Bergstrand concluded that swinging seems to enhance strong marriages, but has negative effects on weak ones (this trend is anecdotally corroborated by people in the swinging and polyamory communities).

Source: Jeana Jorgensen of My Sex Professor

That sounds about right. It also happens to sound about like the non-elites Murray valorizes in his op-ed.

There’s a pervasive belief (among both left and right) that sexual “liberation” is and always has been limited to the elite, the effete, the overeducated, or either coast. Instead it’s as likely to occur in Charles Murray’s heart-of-America fantasy Branson, MO (which I’d imagine he’s never visited) as Berkeley, Boston, or Greenwich Village.

Aside: The following data points are totally non-scientific and they use non-orthogonal criteria* but

  • Data point #1: a small amount of tweaking still turned up at least 60 male and female OKCupid users within 25 miles of Branson who match the looking for “casual sex” or it’s loose affiliate “activity partners” who’ve been online at least once in the last year.
  • Data Point #2: according to numerous sources the population of Branson is… 6,000 people. Which isn’t the same as all the people within 25 miles. But I’m just sayin’

Anyway, I think the real takeaway from both Bergstrand’s presentation and Jorgensen’s post is the part where swinging per-se isn’t an indicator of either strong or weak relationships.

* But then I don’t recall sloppy methodology ever particularly bothered Murray in his own work.


Tags:

I know it's not addressing

Submitted by schnee (not verified) on Mon, 2010-10-25 18:12.

I know it's not addressing the point that you're making, but it occurs to me that the 'liberal elite' are basically the country's forward-thinking intellectuals and thus not exactly on the same page as everyone, but if we look to Europe and its history, it has been these people who have always been responsible for social reform. It wasn't the 'Rabble' of the French Revolution who engineered change, it was largely philosophers, journalists, lawyers, and the more politically astute wives thereof.


Ahhh…social reform, movement towards equality, I can see why any part of the right wouldn't want that.

I think that the whole

Submitted by Red (not verified) on Tue, 2010-10-26 22:37.

I think that the whole concept of "Middle America" is for the most part bullshit. I suppose it could be a geographic term, but then Orange County is pretty near the coasts and Madison is pretty much as "Middle" as you can get.

Also you get these games where people will consider Irish Catholics are "middle Americans" as long as they buy the myth that we are all hard core Republican "Rome's rules voters" (which is somehow applied to abortion but not war or the death penalty!!).

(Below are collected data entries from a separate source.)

(* Positive probability only asks for one good outcome, and an explicit one works.
   Identify the vectors of F_2^(k+1) with vertices of L and of every block R_i
   (possible because k <= ln a gives 2^(k+1) <= a) and join u in L to v in R_i iff
   u.v = 1.  A nonzero vector is orthogonal to exactly half of all vectors and two
   nonzero vectors are both non-orthogonal to at least a quarter of them, so uniform
   weights on neighbours give a fractional 2-guidance system of outdegree at most 3.
   In a weak 2-guidance system H of outdegree at most k, x_i points to at most
   k < k+1 vectors of R_i, so some nonzero u_i is orthogonal to all of them; the
   nonzero vectors of L send at most k (2^(k+1) - 1) < m arcs into blocks, so for
   some i the vertex u_i sends none into R_i, and then H guides nothing between
   u_i and x_i although they are at distance 2. *)

From HB Require Import structures.
From mathcomp Require Import all_boot all_order all_algebra.
From mathcomp Require Import boolp reals exp sequences.
From mathcomp Require Import lra.
Import Order.TTheory GRing.Theory Num.Theory.
Set Implicit Arguments. Unset Strict Implicit. Unset Printing Implicit Defensive.

Section Walks.
Variables (V : finType) (e : rel V).

Lemma walkb0 u v : walkb e u v 0 = (u == v).
Proof.
apply/existsP/eqP => [[p /andP[_ /eqP <-]]|->]; first by rewrite (tuple0 p).
by exists [tuple]; rewrite /= eqxx.
Qed.

Lemma walkb1 u v : walkb e u v 1 = e u v.
Proof.
apply/existsP/idP => [[p]|euv]; last by exists [tuple v]; rewrite /= euv eqxx.
by case/tupleP: p => x p; rewrite (tuple0 p) /= andbT => /andP[exu /eqP <-].
Qed.

Lemma walkb2P u v : reflect (exists2 w, e u w & e w v) (walkb e u v 2).
Proof.
apply: (iffP existsP) => [[p]|[w euw ewv]].
  case/tupleP: p => x p; case/tupleP: p => y p.
  by rewrite (tuple0 p) /= andbT => /andP[/andP[eux exy] /eqP <-]; exists x.
by exists [tuple w; v]; rewrite /= euw ewv eqxx.
Qed.

Lemma gdistb1 u v : gdistb e u v 1 = e u v && (u != v).
Proof.
rewrite /gdistb walkb1; congr (_ && _).
apply/forallP/idP => [/(_ ord0)|neq_uv [[|//] ?]]; by rewrite walkb0.
Qed.

Lemma gdistb2P u v :
  reflect [/\ u != v, ~~ e u v & exists2 w, e u w & e w v] (gdistb e u v 2).
Proof.
apply: (iffP andP) => [[/walkb2P euwv /forallP d2]|[neq_uv neuv euwv]].
  by have := d2 ord0; have := d2 (@Ordinal 2 1 isT); rewrite walkb0 walkb1.
split; first exact/walkb2P.
by apply/forallP => -[[|[|//]] ?]; rewrite ?walkb0 ?walkb1.
Qed.

Lemma Gamma2E u v y : irreflexive e ->
  (y \in Gamma e u v 2) = e u y && e y v.
Proof.
move=> irr_e; rewrite inE gdistb1.
by case: eqVneq => [->|_]; rewrite ?irr_e ?andbF ?andbT.
Qed.

End Walks.

Lemma ballH0 (V : finType) (H : rel V) x y : ballH H x 0 y -> y = x.
Proof. by case=> l []; rewrite leqn0 => /eqP ->; rewrite walkb0 => /eqP. Qed.

Lemma ballH1 (V : finType) (H : rel V) x y : ballH H x 1 y -> y = x \/ H x y.
Proof.
case=> -[|[|l]] [le_l1 wxy] //; first by left; move: wxy; rewrite walkb0 => /eqP.
by right; rewrite -walkb1.
Qed.

Section BoolVectors.
Variable n : nat.

Definition bvec := {ffun 'I_n -> bool}.
Definition bdot (u v : bvec) : bool := \big[addb/false]_(j < n) (u j && v j).
Definition bvadd (u v : bvec) : bvec := [ffun j => u j (+) v j].
Definition bdelta (j : 'I_n) : bvec := [ffun i => i == j].
Definition bvec0 : bvec := [ffun => false].

Lemma card_bvec : #|{: bvec}| = 2 ^ n.
Proof. by rewrite card_ffun card_bool card_ord. Qed.

Lemma bdotC : commutative bdot.
Proof. by move=> u v; apply: eq_bigr => j _; rewrite andbC. Qed.

Lemma bdotDr u v w : bdot u (bvadd v w) = bdot u v (+) bdot u w.
Proof.
rewrite /bdot -big_split /=; apply: eq_bigr => j _; rewrite ffunE.
by case: (u j) (v j) (w j) => [] [] [].
Qed.

Lemma bdotDl u v w : bdot (bvadd u v) w = bdot u w (+) bdot v w.
Proof. by rewrite bdotC bdotDr !(bdotC w). Qed.

Lemma bdot_delta u j : bdot u (bdelta j) = u j.
Proof.
rewrite /bdot (bigD1 j) //= big1 => [|i /negbTE neq_ij]; rewrite ffunE.
  by rewrite eqxx andbT addbF.
by rewrite neq_ij andbF.
Qed.

Lemma bdot0l v : bdot bvec0 v = false.
Proof. by rewrite /bdot big1 // => j _; rewrite ffunE. Qed.

Lemma bdot_neq0l u v : bdot u v -> u != bvec0.
Proof. by apply: contraTneq => ->; rewrite bdot0l. Qed.

Lemma bdot_neq0r u v : bdot u v -> v != bvec0.
Proof. by rewrite bdotC; apply: bdot_neq0l. Qed.

Lemma bvec_neq0P (u : bvec) : reflect (exists j, u j) (u != bvec0).
Proof.
apply: (iffP idP) => [|[j uj]]; last by apply: contraTneq uj => ->; rewrite ffunE.
move=> nz_u; apply/existsP; apply: contraR nz_u => /existsPn u0.
by apply/eqP/ffunP => j; rewrite ffunE; apply/negbTE.
Qed.

Lemma bvaddK t : involutive (bvadd ^~ t).
Proof. by move=> v; apply/ffunP => j; rewrite !ffunE addbK. Qed.

Lemma card_bdot_half u t (Q : pred bvec) :
  bdot u t -> (forall v, Q (bvadd v t) = Q v) ->
  (2 * #|[set v | bdot u v && Q v]| = #|[set v | Q v]|)%N.
Proof.
move=> ut Qt.
have flip : #|[set v | bdot u v && Q v]| = #|[set v | ~~ bdot u v && Q v]|.
  rewrite -(card_preimset _ (inv_inj (bvaddK t))); apply: eq_card => v.
  by rewrite !inE bdotDr ut Qt addbT.
rewrite mul2n -addnn {2}flip -(cardsID [set v | bdot u v] [set v | Q v]).
by congr (_ + _); apply: eq_card => v; rewrite !inE andbC.
Qed.

Lemma card_bdot u : u != bvec0 -> (2 * #|[set v | bdot u v]| = 2 ^ n)%N.
Proof.
case/bvec_neq0P => j uj; rewrite -card_bvec -cardsT.
have := card_bdot_half (u := u) (t := bdelta j) (Q := predT); rewrite bdot_delta => /(_ uj).
by rewrite /=; under eq_finset do rewrite andbT; apply.
Qed.

Lemma card_bdotI u1 u2 : u1 != bvec0 -> u2 != bvec0 ->
  (2 ^ n <= 4 * #|[set v | bdot u1 v && bdot u2 v]|)%N.
Proof.
have [<- nz_u1 _|neq_u12] := eqVneq u1 u2.
  by under eq_finset do rewrite andbb; rewrite -(card_bdot nz_u1) leq_mul2r orbT.
have [j neq_u12j] : exists j, u1 j != u2 j.
  apply/existsP; apply: contraR neq_u12 => /existsPn eq_u12.
  by apply/eqP/ffunP => j; apply/eqP/negPn.
wlog [u1j u2j] : u1 u2 {neq_u12} neq_u12j / u1 j /\ ~~ u2 j.
  move=> base; move: neq_u12j; case u1j: (u1 j); case u2j: (u2 j) => // _.
    by apply: base; rewrite ?u1j ?u2j.
  move=> nz_u1 nz_u2; under eq_finset do rewrite andbC.
  by apply: base; rewrite ?u1j ?u2j.
move=> _ nz_u2; rewrite -(card_bdot nz_u2).
rewrite -(card_bdot_half (u := u1) (t := bdelta j) (Q := bdot u2)).
- by rewrite mulnA.
- by rewrite bdot_delta.
by move=> v; rewrite bdotDr bdot_delta (negbTE u2j) addbF.
Qed.

Lemma exists_bdot_orthogonal (S : {set bvec}) : (#|S| < n)%N ->
  exists2 u, u != bvec0 & {in S, forall v, ~~ bdot u v}.
Proof.
move=> small_S; pose f u := [ffun v : {v | v \in S} => bdot u (val v)].
have /injectivePn [u1 [u2 neq_u12 eq_f]] : ~~ injectiveb f.
  apply: contraL small_S => /injectiveP/leq_card.
  by rewrite card_bvec card_ffun card_bool card_sig leq_exp2l // -leqNgt.
exists (bvadd u1 u2) => [|v vS].
  apply: contra neq_u12 => /eqP u12_0; apply/eqP/ffunP => j.
  by move/ffunP/(_ j): u12_0; rewrite !ffunE; case: (u1 j) (u2 j) => [] [].
move/ffunP/(_ (exist _ v vS)): eq_f; rewrite !ffunE /= bdotDl => ->.
by rewrite addbb.
Qed.

End BoolVectors.
Arguments bvec0 {n}.

Local Open Scope ring_scope.

Lemma probG_gt0 (R : realType) a k (P : Outcome a k -> Prop) :
  (exists E, P E) -> 0 < probG R P.
Proof.
case=> E PE; apply: divr_gt0; rewrite ltr0n card_gt0; apply/set0Pn.
  by exists E; rewrite inE; apply/asboolP.
by exists set0; rewrite inE.
Qed.

Section Sums.
Variable R : numFieldType.

Lemma sum_le_card_mul (T : finType) (P : pred T) (A : {set T}) (f : T -> R) c :
  0 <= c -> (forall y, P y -> f y <= (if y \in A then c else 0)) ->
  \sum_(y | P y) f y <= c * #|A|%:R.
Proof.
move=> c_ge0 le_f; apply: le_trans (ler_sum _ le_f) _.
rewrite -sum1_card natr_sum mulr_sumr [leLHS]big_mkcond [leRHS]big_mkcond.
by apply: ler_sum => y _; case: (P y); case: (y \in A); rewrite ?mulr1.
Qed.

Lemma card_mul_le_sum (T : finType) (A B : {set T}) (f : T -> R) c :
  B \subset A -> {in A, forall y, 0 <= f y} -> {in B, forall y, c <= f y} ->
  c * #|B|%:R <= \sum_(y in A) f y.
Proof.
move=> /setIidPr sBA f_ge0 le_cf; rewrite (big_setID B) /= sBA -[_ * _]addr0.
rewrite -sum1_card natr_sum mulr_sumr; apply: lerD.
  by apply: ler_sum => y /le_cf; rewrite mulr1.
by apply: sumr_ge0 => y /setDP[/f_ge0].
Qed.

Lemma weight_le (x : R) (D s : nat) : 0 <= x -> (s <= D)%N -> x / D%:R * s%:R <= x.
Proof.
move=> x_ge0 le_sD; have [->|D_gt0] := posnP D.
  by rewrite invr0 mulr0 mul0r.
by rewrite mulrAC ler_pdivrMr ?ltr0n // ler_wpM2l // ler_nat.
Qed.

Lemma weight_ge (x : R) (D q s : nat) : 0 <= x -> (0 < D)%N -> (0 < q)%N ->
  (D <= q * s)%N -> x / q%:R <= x / D%:R * s%:R.
Proof.
move=> x_ge0 D_gt0 q_gt0 le_D_qs.
rewrite mulrAC ler_pdivlMr ?ltr0n // -mulrA ler_wpM2l //.
by rewrite mulrC ler_pdivrMr ?ltr0n // -natrM ler_nat mulnC.
Qed.
End Sums.

Lemma exists_bvec_embedding n a : (2 ^ n <= a)%N ->
  exists emb : bvec n -> 'I_a, injective emb.
Proof.
rewrite -card_bvec => le_card; exists (fun v => widen_ord le_card (enum_rank v)).
by move=> u v /(congr1 val) /= /val_inj /enum_rank_inj.
Qed.

Section InnerProductGraph.
Variables (a k : nat) (emb : bvec k.+1 -> 'I_a).
Hypothesis emb_inj : injective emb.
Hypothesis k_gt0 : (0 < k)%N.

Local Notation n := k.+1.
Local Notation m := (mk k).
Local Notation LV l := (inl (inl l) : Vt a k).
Local Notation RV i r := (inl (inr (i, r)) : Vt a k).
Local Notation XV i := (inr i : Vt a k).

Definition inner_outcome : Outcome a k :=
  [set p | [exists u, exists v, [&& emb u == p.1, emb v == p.2.2 & bdot u v]]].

Local Notation G := (Gadj inner_outcome).

Lemma m_gt0 : (0 < m)%N.
Proof. by rewrite muln_gt0 k_gt0 expn_gt0. Qed.

Lemma G_sym : symmetric G.
Proof. by case=> [[l|[i r]]|i] [[l'|[i' r']]|i']. Qed.

Lemma G_irr : irreflexive G.
Proof. by case=> [[l|[i r]]|i]. Qed.

Lemma G_emb u i v : G (LV (emb u)) (RV i (emb v)) = bdot u v.
Proof.
rewrite /Gadj inE /=; apply/existsP/idP => [[u' /existsP[v']]|uv].
  by case/and3P => /eqP/emb_inj -> /eqP/emb_inj ->.
by exists u; apply/existsP; exists v; rewrite !eqxx.
Qed.

Lemma G_LR_inv l i r : G (LV l) (RV i r) ->
  exists u v, [/\ l = emb u, r = emb v & bdot u v].
Proof.
rewrite /Gadj inE /= => /existsP[u /existsP[v /and3P[/eqP <- /eqP <- uv]]].
by exists u, v.
Qed.

Section Fractional.
Variable R : realType.

Definition wL : R := 2 / (m * 2 ^ n)%:R.
Definition wN : R := 2 / (2 ^ n)%:R.

(* Every vertex spreads weight [2] over its at most [m 2^n] (from [L]) or [2^n]
   (from [R] and [x_i]) neighbours in the image of [emb]; [R_i] also gives
   [1/2] to [x_i]. *)
Definition frac_orientation (x y : Vt a k) : R :=
  match x, y with
  | inl (inl _), _ => wL
  | inl (inr _), inr _ => 1 / 2
  | inl (inr _), _ => wN
  | inr _, inl (inr (_, r)) => if r \in codom emb then wN else 0
  | inr _, _ => 0
  end.

Local Notation p := frac_orientation.

Lemma wL_ge0 : 0 <= wL. Proof. by rewrite divr_ge0. Qed.
Lemma wN_ge0 : 0 <= wN. Proof. by rewrite divr_ge0. Qed.

Lemma frac_orientation_ge0 x y : 0 <= p x y.
Proof.
case: x => [[l|[i r]]|i]; first exact: wL_ge0.
  by case: y => [[l'|[j r']]|j] /=; rewrite ?wN_ge0 //; lra.
by case: y => [[l'|[j r']]|j] //=; case: ifP; rewrite ?wN_ge0.
Qed.

Lemma frac_outdeg_L l : \sum_(y | G (LV l) y) p (LV l) y <= 2.
Proof.
pose A := [set RV q.1 (emb q.2) | q : 'I_m * bvec n].
apply: le_trans (sum_le_card_mul (A := A) wL_ge0 _) _.
  move=> [[l'|[j r]]|j] //= /G_LR_inv[u [v [_ -> _]]].
  by rewrite ifT //; apply/imsetP; exists (j, v).
apply: weight_le => //; apply: leq_trans (leq_imset_card _ _) _.
by rewrite card_prod card_ord card_bvec.
Qed.

Lemma frac_outdeg_R i r : \sum_(y | G (RV i r) y) p (RV i r) y <= 1 / 2 + 2.
Proof.
rewrite (bigD1 (XV i)) /= ?eqxx // lerD2l.
pose A := [set LV (emb u) | u : bvec n].
apply: le_trans (sum_le_card_mul (A := A) wN_ge0 _) _.
  move=> [[l|[j r']]|j] //=; last by case/andP => /eqP ->; rewrite eqxx.
  rewrite andbT => /G_LR_inv[u [v [-> _ _]]].
  by rewrite ifT //; apply/imsetP; exists u.
apply: weight_le => //; apply: leq_trans (leq_imset_card _ _) _.
by rewrite card_bvec.
Qed.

But when you show them Greeley's figures saying Irish Catholics are the most liberal of the larger "white" gentile ethnic groups and are most heavily concentrated in places like Deep Blue MA and Chicago, then they start to frown and suggest that maybe Irish are just a little bit "too ethnic" to be proper midddle Americans, while of course Cuban Americans already got those "Middle American values" down pat.

In short, the whole idea of "middle America" is extremely Protean, and can continually be modified to confer or revoke "Middle American bonafides" on anyone…..if, if, if,......they have the "right" politics.

Who ever had the right to declare that some parts of the country were more "authentic" than others? 60's ideas of "authenticity" were a bust to begin with.

Andrew Gelman tells the real story.

Yup. Former ‘winger David

Submitted by figleaf on Wed, 2010-10-27 00:14.

Yup. Former ‘winger David Frum nails Murray as well. Not to mention that as an American Enterprise Institute scholar Murray’s as effete elite as it gets — who else rubbed shoulders with Reagan White House staff, George Will, etc., etc.? Also, based on repetition of WTFs about some of his choices I’m guessing he didn’t know much about, say, Branson, MO (primary, secondary, and tertiary industries involve servicing a giant tourist trap full of washed-up celebrities) or MMA (how “traditional” can a nearly brand-new sport be?), etc. One could be forgiven for suspecting he mostly pulled it out of his butt. (Maybe he pulled it from the butt of fellow social down-climber George Will.)